● **Activity**:
Could you reproduce, exactly and alone, the lines running from the one with "by rewrite invfM !invrK -!sqr_enorm; lra." to the end of the data below?

Segment Start: Task input

Lemma dotvv_eq0 u : dotv u u = 0 -> u = 0.
Proof.
move=> u0; apply/matrixP => i j; rewrite mxE (ord1 j).
have uu_ge0 (k : 'I_n) : xpredT k -> 0 <= u k 0 * u k 0 by rewrite -expr2 sqr_ge0.
by have /eqP := @psumr_eq0P R _ xpredT _ uu_ge0 u0 i isT; rewrite mulf_eq0 orbb => /eqP.
Qed.

Lemma sqr_coord_le_dotv u j : u j 0 ^+ 2 <= dotv u u.
Proof.
rewrite /dotv (bigD1 j) //= -expr2 lerDl.
by apply: sumr_ge0 => i _; rewrite -expr2 sqr_ge0.
Qed.

Lemma enorm_ge0 u : 0 <= enorm u.
Proof. exact: sqrtr_ge0. Qed.

Lemma sqr_enorm u : enorm u ^+ 2 = dotv u u.
Proof. by rewrite sqr_sqrtr // dotvv_ge0. Qed.

Lemma enorm_eq0 u : enorm u = 0 -> u = 0.
Proof. by move=> u0; apply: dotvv_eq0; rewrite -sqr_enorm u0 expr0n. Qed.

Lemma enorm0 : enorm (0 : 'cV[R]_n) = 0.
Proof. by rewrite /enorm dotv0l sqrtr0. Qed.

Lemma enormZ a u : enorm (a *: u) = `|a| * enorm u.
Proof. by rewrite /enorm dotvZl dotvZr mulrA -expr2 sqrtrM ?sqr_ge0 // sqrtr_sqr. Qed.

Lemma enormN u : enorm (- u) = enorm u.
Proof. by rewrite -scaleN1r enormZ normrN1 mul1r. Qed.

Lemma dotv_le_enorm u v : dotv u v <= enorm u * enorm v.
Proof.
have [/enorm_eq0->|u0] := eqVneq (enorm u) 0; first by rewrite dotv0l enorm0 mul0r.
have [/enorm_eq0->|v0] := eqVneq (enorm v) 0; first by rewrite dotv0r enorm0 mulr0.
have uv_gt0 : 0 < enorm u * enorm v by rewrite mulr_gt0 // lt_def ?u0 ?v0 enorm_ge0.
have := dotvv_ge0 (enorm v *: u - enorm u *: v).
rewrite !dotvE -!sqr_enorm (dotvC v u) => h.
have : 0 <= (enorm u * enorm v) * (enorm u * enorm v - dotv u v) by nra.
by rewrite pmulr_rge0 // subr_ge0.
Qed.

Lemma ler_enormD u v : enorm (u + v) <= enorm u + enorm v.
Proof.
rewrite -(ler_pXn2r (isT : (0 < 2)%N)) ?nnegrE ?addr_ge0 ?enorm_ge0 //.
rewrite sqr_enorm !dotvE -!sqr_enorm (dotvC v u).
by have := dotv_le_enorm u v; nra.
Qed.

Lemma ler_enormB u v : enorm (u - v) <= enorm u + enorm v.
Proof. by rewrite -(enormN v) ler_enormD. Qed.

Lemma dotv_young u v mu : 0 < mu ->
  2%:R * dotv u v <= mu * dotv u u + mu^-1 * dotv v v.
Proof.
move=> mu_gt0.
have e : mu * (mu * dotv u u + mu^-1 * dotv v v - 2%:R * dotv u v)
         = dotv (mu *: u - v) (mu *: u - v).
  by rewrite !dotvE (dotvC v u); field; rewrite gt_eqF.
by rewrite -subr_ge0 -(@pmulr_rge0 _ mu _ mu_gt0) e dotvv_ge0.
Qed.

Lemma sqr_enormD_le u v mu : 0 < mu ->
  enorm (u + v) ^+ 2 <= (1 + mu) * enorm u ^+ 2 + (1 + mu^-1) * enorm v ^+ 2.
Proof.
move=> mu_gt0; rewrite !sqr_enorm !dotvE (dotvC v u).
by have := dotv_young u v mu mu_gt0; lra.
Qed.

Lemma sqr_enorm_extrapolate u v :
  enorm (2%:R *: u - v) ^+ 2 <= 6%:R * enorm u ^+ 2 + 3%:R * enorm v ^+ 2.
Proof.
rewrite !sqr_enorm !dotvE (dotvC v u).
by have := dotvv_ge0 (u + v); rewrite !dotvE (dotvC v u); lra.
Qed.

End Euclidean.

Section OperatorNorm.
Context {R : realType} {m n : nat} (M : 'M[R]_(m, n)).

Let unit_ball_image := [set enorm (M *m v) | v in [set v : 'cV[R]_n | enorm v <= 1]].

Lemma opnorm_has_ubound : has_ubound unit_ball_image.
Proof.
exists (Num.sqrt (\sum_i (\sum_j `|M i j|) ^+ 2)) => _ [v v_le1 <-].
rewrite /enorm ler_sqrt; last by apply: sumr_ge0 => i _; rewrite sqr_ge0.
apply: ler_sum => i _; rewrite -expr2 mxE.
have coord_le1 j : `|v j 0| <= 1.
  rewrite -(ler_pXn2r (isT : (0 < 2)%N)) ?nnegrE // real_normK ?num_real // expr1n.
  apply: (le_trans (sqr_coord_le_dotv v j)); rewrite -sqr_enorm.
  by have := enorm_ge0 v; have : enorm v <= 1 := v_le1; nra.
have row_le : `|\sum_j M i j * v j 0| <= \sum_j `|M i j|.
  apply: (le_trans (ler_norm_sum _ _ _)); apply: ler_sum => j _.
  by rewrite normrM -[leRHS]mulr1 ler_wpM2l.
by rewrite -real_normK ?num_real // ler_pM.
Qed.

Lemma opnorm_ge0 : 0 <= opnorm M.
Proof.
have zero_in : unit_ball_image (enorm (M *m 0)) by exists 0; rewrite //= enorm0 ler01.
by have := ub_le_sup opnorm_has_ubound zero_in; rewrite mulmx0 enorm0.
Qed.

Lemma enorm_mulmx_le v : enorm (M *m v) <= opnorm M * enorm v.
Proof.
have [/enorm_eq0->|v0] := eqVneq (enorm v) 0; first by rewrite mulmx0 !enorm0 mulr0.
have v_gt0 : 0 < enorm v by rewrite lt_def v0 enorm_ge0.
have unit_v : unit_ball_image (enorm (M *m ((enorm v)^-1 *: v))).
  exists ((enorm v)^-1 *: v) => //=.
  by rewrite enormZ ger0_norm ?invr_ge0 ?enorm_ge0 // mulVf.
have := ub_le_sup opnorm_has_ubound unit_v.
by rewrite -scalemxAr enormZ ger0_norm ?invr_ge0 ?enorm_ge0 // mulrC ler_pdivrMr.
Qed.

Lemma sqr_enorm_mulmx_le v : enorm (M *m v) ^+ 2 <= opnorm M ^+ 2 * enorm v ^+ 2.
Proof.
rewrite -exprMn ler_pXn2r ?nnegrE ?mulr_ge0 ?opnorm_ge0 ?enorm_ge0 //.
exact: enorm_mulmx_le.
Qed.

End OperatorNorm.

Definition convex_set {R : realType} {n : nat} (C : set 'cV[R]_n) :=
  forall p q t, C p -> C q -> 0 <= t <= 1 -> C (p + t *: (q - p)).

Lemma box01_convex {R : realType} (n : nat) : convex_set (box01 (R:=R) n).
Proof.
move=> p q t p_in q_in /andP[t_ge0 t_le1] i; rewrite !mxE.
by have /andP[? ?] := p_in i; have /andP[? ?] := q_in i; apply/andP; split; nra.
Qed.

Lemma Yset_convex {R : realType} (m1 m2 : nat) : convex_set (Yset (R:=R) m1 m2).
Proof.
move=> p q t p_in q_in /andP[t_ge0 t_le1] i; rewrite !mxE.
by have := p_in i; have := q_in i; nra.
Qed.

Section Projection.
Context {R : realType} {n : nat} {C : set 'cV[R]_n}.
Hypothesis C_convex : convex_set C.

Lemma proj_variational {z p} : is_proj C z p -> forall q, C q -> dotv (z - p) (q - p) <= 0.
Proof.
move=> [p_in p_min] q q_in.
set a := dotv (z - p) (q - p); set b := dotv (q - p) (q - p).
have b_ge0 : 0 <= b by apply: dotvv_ge0.
have seg t : 0 <= t <= 1 -> 2%:R * t * a <= t ^+ 2 * b.
  move=> t01; have := p_min _ (C_convex _ _ _ p_in q_in t01).
  rewrite /enorm ler_sqrt ?dotvv_ge0 // opprD addrA /a /b.
  by move: (z - p) (q - p) => u e; rewrite !dotvE (dotvC e u); lra.
rewrite leNgt; apply/negP => a_gt0.
have ab_gt0 : 0 < a + b by lra.
set t := a / (a + b).
have t_gt0 : 0 < t by rewrite divr_gt0.
have t_le1 : t <= 1 by rewrite ler_pdivrMr // mul1r; lra.
have tab : t * (a + b) = a by rewrite divfK ?gt_eqF.
have := seg t; rewrite t_le1 ltW //= => /(_ isT) seg_t.
by clearbody t; nra.
Qed.

Lemma proj_subdiff_indic {z p a} : is_proj C z p -> 0 <= a ->
  subdiff (indic C) p (a *: (z - p)).
Proof.
move=> proj_p a_ge0; rewrite /subdiff /indic asboolT; last exact: proj_p.1.
split => // w; rewrite add0e.
have [w_in|w_out] := pselect (C w); last by rewrite asboolF // leey.
rewrite asboolT // lee_fin dotvZl.
by rewrite mulr_ge0_le0 // proj_variational.
Qed.

Lemma proj_step_le {p g t q} : C p -> is_proj C (p + t *: g) q ->
  enorm (q - p) ^+ 2 <= t * dotv g (q - p).
Proof.
move=> p_in proj_q; have := proj_variational proj_q _ p_in.
rewrite [p + _]addrC -addrA -[p - q]opprB sqr_enorm.
by move: (q - p) => e; rewrite !dotvE; lra.
Qed.

End Projection.

Section LagrangianExpansion.
Context {R : realType} {m n : nat} (Q : 'M[R]_n) (c : 'cV[R]_n) (K : 'M[R]_(m, n))
  (r : 'cV[R]_m) (rho : R).
Hypotheses (Q_sym : Q^T = Q) (rho_ge0 : 0 <= rho).

Lemma Lhat_diff_x x D y :
  Lhat Q c K r rho (x + D) y - Lhat Q c K r rho x y =
  dotv (gradx Q c K rho x y) D + dotv D (Q *m D) - rho * dotv D D.
Proof.
rewrite /Lhat /gradx !mulmxDr !dotvE (dotv_mulmx Q x D) (dotv_mulmx K y D) Q_sym.
by rewrite (dotvC D (Q *m x)) (dotvC D x) (dotvC D (ones n)); ring.
Qed.

Lemma Lhat_diff_y x y y' :
  Lhat Q c K r rho x y' - Lhat Q c K r rho x y = dotv (y' - y) (K *m x + r).
Proof. by rewrite /Lhat dotvBl; ring. Qed.

Lemma gradx_lipschitz x x' y :
  enorm (gradx Q c K rho x' y - gradx Q c K rho x y)
    <= 2%:R * (opnorm Q + rho) * enorm (x' - x).
Proof.
have -> : gradx Q c K rho x' y - gradx Q c K rho x y =
          2%:R *: (Q *m (x' - x)) - (2%:R * rho) *: (x' - x).
  rewrite /gradx mulmxBr; move: (Q *m x') (Q *m x) (K^T *m y) => a b e.
  by apply/matrixP => i j; rewrite !mxE; ring.
apply: (le_trans (ler_enormB _ _)).
rewrite !enormZ !ger0_norm ?mulr_ge0 //.
by have := enorm_mulmx_le Q (x' - x); lra.
Qed.

Lemma Lhat_descent tau xp xk y : 0 < tau -> opnorm Q * tau <= 4%:R^-1 ->
  enorm (xk - xp) ^+ 2 <= tau * dotv (- gradx Q c K rho xp y) (xk - xp) ->
  Lhat Q c K r rho xk y - Lhat Q c K r rho xp y
    <= - (3%:R / 4%:R) / tau * enorm (xk - xp) ^+ 2.
Proof.
move=> tau_gt0 Q_tau step.
have -> : Lhat Q c K r rho xk y = Lhat Q c K r rho (xp + (xk - xp)) y.
  by rewrite addrC subrK.
rewrite Lhat_diff_x; rewrite dotvNl in step.
move: (xk - xp) (gradx Q c K rho xp y) step => D G step.
have QD_le : dotv D (Q *m D) <= opnorm Q * enorm D ^+ 2.
  apply: (le_trans (dotv_le_enorm _ _)).
  by have := enorm_mulmx_le Q D; have := enorm_ge0 D; have := enorm_ge0 (Q *m D); nra.
have rhoD_ge0 : 0 <= rho * dotv D D by rewrite mulr_ge0 // dotvv_ge0.
have GD_le : dotv G D <= - tau^-1 * enorm D ^+ 2.
  have -> : dotv G D = tau^-1 * (tau * dotv G D) by rewrite mulKf ?gt_eqF.
  by rewrite mulNr -mulrN ler_pM2l ?invr_gt0 //; lra.
have Q_le : opnorm Q <= 4%:R^-1 / tau by rewrite ler_pdivlMr.
have := ler_wpM2r (sqr_ge0 (enorm D)) Q_le.
by rewrite -sqr_enorm in rhoD_ge0 *; lra.
Qed.

End LagrangianExpansion.

Section DualIncrement.
Context {R : realType} {m n : nat} {K : 'M[R]_(m, n)} {r : 'cV[R]_m} {tau1 tau2 : R}.
Hypotheses (tau1_gt0 : 0 < tau1) (tau2_gt0 : 0 < tau2).
Hypothesis step_dual : tau1 * tau2 * opnorm K ^+ 2 <= 2%:R^-1.

Lemma sqr_enorm_affine_le v mu : 0 < mu ->
  tau2 * enorm (K *m v + r) ^+ 2
    <= (1 + mu) / (2%:R * tau1) * enorm v ^+ 2 + (1 + mu^-1) * tau2 * enorm r ^+ 2.
Proof.
move=> mu_gt0.
have K_le : tau2 * opnorm K ^+ 2 <= (2%:R * tau1)^-1.
  by rewrite invfM ler_pdivlMr // mulrC mulrA.
have Kv_le : tau2 * enorm (K *m v) ^+ 2 <= (2%:R * tau1)^-1 * enorm v ^+ 2.
  apply: (le_trans (ler_wpM2l (ltW tau2_gt0) (sqr_enorm_mulmx_le K v))).
  by rewrite mulrA ler_wpM2r ?sqr_ge0.
have := ler_wpM2l (ltW tau2_gt0) (sqr_enormD_le (K *m v) r mu mu_gt0).
have := ler_wpM2l (addr_ge0 ler01 (ltW mu_gt0)) Kv_le.
by rewrite invfM; lra.
Qed.

(* Young's inequality with weight 1/(3 tau2) on the cross term and the splittings
   (1 + 1/5, 1 + 5) for [K xb + r], (1 + 1/3, 1 + 3) for [K xp + r]: these keep the
   totals below the constants 8 / tau1 and 16 tau2 of the final estimate. *)
Lemma dual_increment_le d xb xp :
  enorm d ^+ 2 <= tau2 * dotv (K *m xb + r) d ->
  tau2^-1 * enorm d ^+ 2 + 4%:R / 3%:R * dotv d (K *m xp + r)
    <= 11%:R / 15%:R / tau1 * enorm xb ^+ 2 + 4%:R / 3%:R / tau1 * enorm xp ^+ 2
       + 46%:R / 3%:R * tau2 * enorm r ^+ 2.
Proof.
set h := K *m xb + r; set g := K *m xp + r => step.
have d_le : enorm d <= tau2 * enorm h.
  have sq : enorm d * enorm d <= tau2 * enorm h * enorm d.
    rewrite -expr2 -mulrA; apply: (le_trans step).
    by rewrite ler_wpM2l ?dotv_le_enorm // ltW.
  have [->|d_neq0] := eqVneq (enorm d) 0; first by rewrite mulr_ge0 ?enorm_ge0 ?ltW.
  by move: sq; rewrite ler_pM2r // lt_def d_neq0 enorm_ge0.
have d_sqr_le : tau2^-1 * enorm d ^+ 2 <= tau2 * enorm h ^+ 2.
  rewrite ler_pdivrMl // mulrA -expr2 -exprMn.
  by rewrite ler_pXn2r ?nnegrE ?enorm_ge0 ?mulr_ge0 ?enorm_ge0 // ltW.
have dg_le : 2%:R * dotv d g <= tau2^-1 / 3%:R * enorm d ^+ 2 + 3%:R * tau2 * enorm g ^+ 2.
  have mu_gt0 : 0 < tau2^-1 / 3%:R by rewrite divr_gt0 ?invr_gt0.
  have := dotv_young d g _ mu_gt0.
  by rewrite invfM !invrK -!sqr_enorm; lra.
have fifth_gt0 : (0 : R) < 5%:R^-1 by rewrite invr_gt0.
have third_gt0 : (0 : R) < 3%:R^-1 by rewrite invr_gt0.
have := sqr_enorm_affine_le xb _ fifth_gt0.
have := sqr_enorm_affine_le xp _ third_gt0.
by rewrite !invrK -/h -/g invfM; lra.
Qed.

End DualIncrement.

Section RealInequalities.
Context {R : realType}.

Lemma sqr_wmean_le (alpha beta a b : R) : 0 <= alpha -> 0 <= beta ->
  (alpha * a + beta * b) ^+ 2 <= (alpha + beta) * (alpha * a ^+ 2 + beta * b ^+ 2).
Proof.
move=> alpha_ge0 beta_ge0; rewrite -subr_ge0.
have -> : (alpha + beta) * (alpha * a ^+ 2 + beta * b ^+ 2) - (alpha * a + beta * b) ^+ 2
          = alpha * beta * (a - b) ^+ 2 by ring.
by rewrite mulr_ge0 ?sqr_ge0 ?mulr_ge0.
Qed.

Segment End: Task input

● **Solution for this exercise**:
  by rewrite invfM !invrK -!sqr_enorm; lra.
have fifth_gt0 : (0 : R) < 5%:R^-1 by rewrite invr_gt0.
have third_gt0 : (0 : R) < 3%:R^-1 by rewrite invr_gt0.
have := sqr_enorm_affine_le xb _ fifth_gt0.
have := sqr_enorm_affine_le xp _ third_gt0.
by rewrite !invrK -/h -/g invfM; lra.
Qed.

End DualIncrement.

Section RealInequalities.
Context {R : realType}.

Lemma sqr_wmean_le (alpha beta a b : R) : 0 <= alpha -> 0 <= beta ->
  (alpha * a + beta * b) ^+ 2 <= (alpha + beta) * (alpha * a ^+ 2 + beta * b ^+ 2).
Proof.
move=> alpha_ge0 beta_ge0; rewrite -subr_ge0.
have -> : (alpha + beta) * (alpha * a ^+ 2 + beta * b ^+ 2) - (alpha * a + beta * b) ^+ 2
          = alpha * beta * (a - b) ^+ 2 by ring.
by rewrite mulr_ge0 ?sqr_ge0 ?mulr_ge0.
Qed.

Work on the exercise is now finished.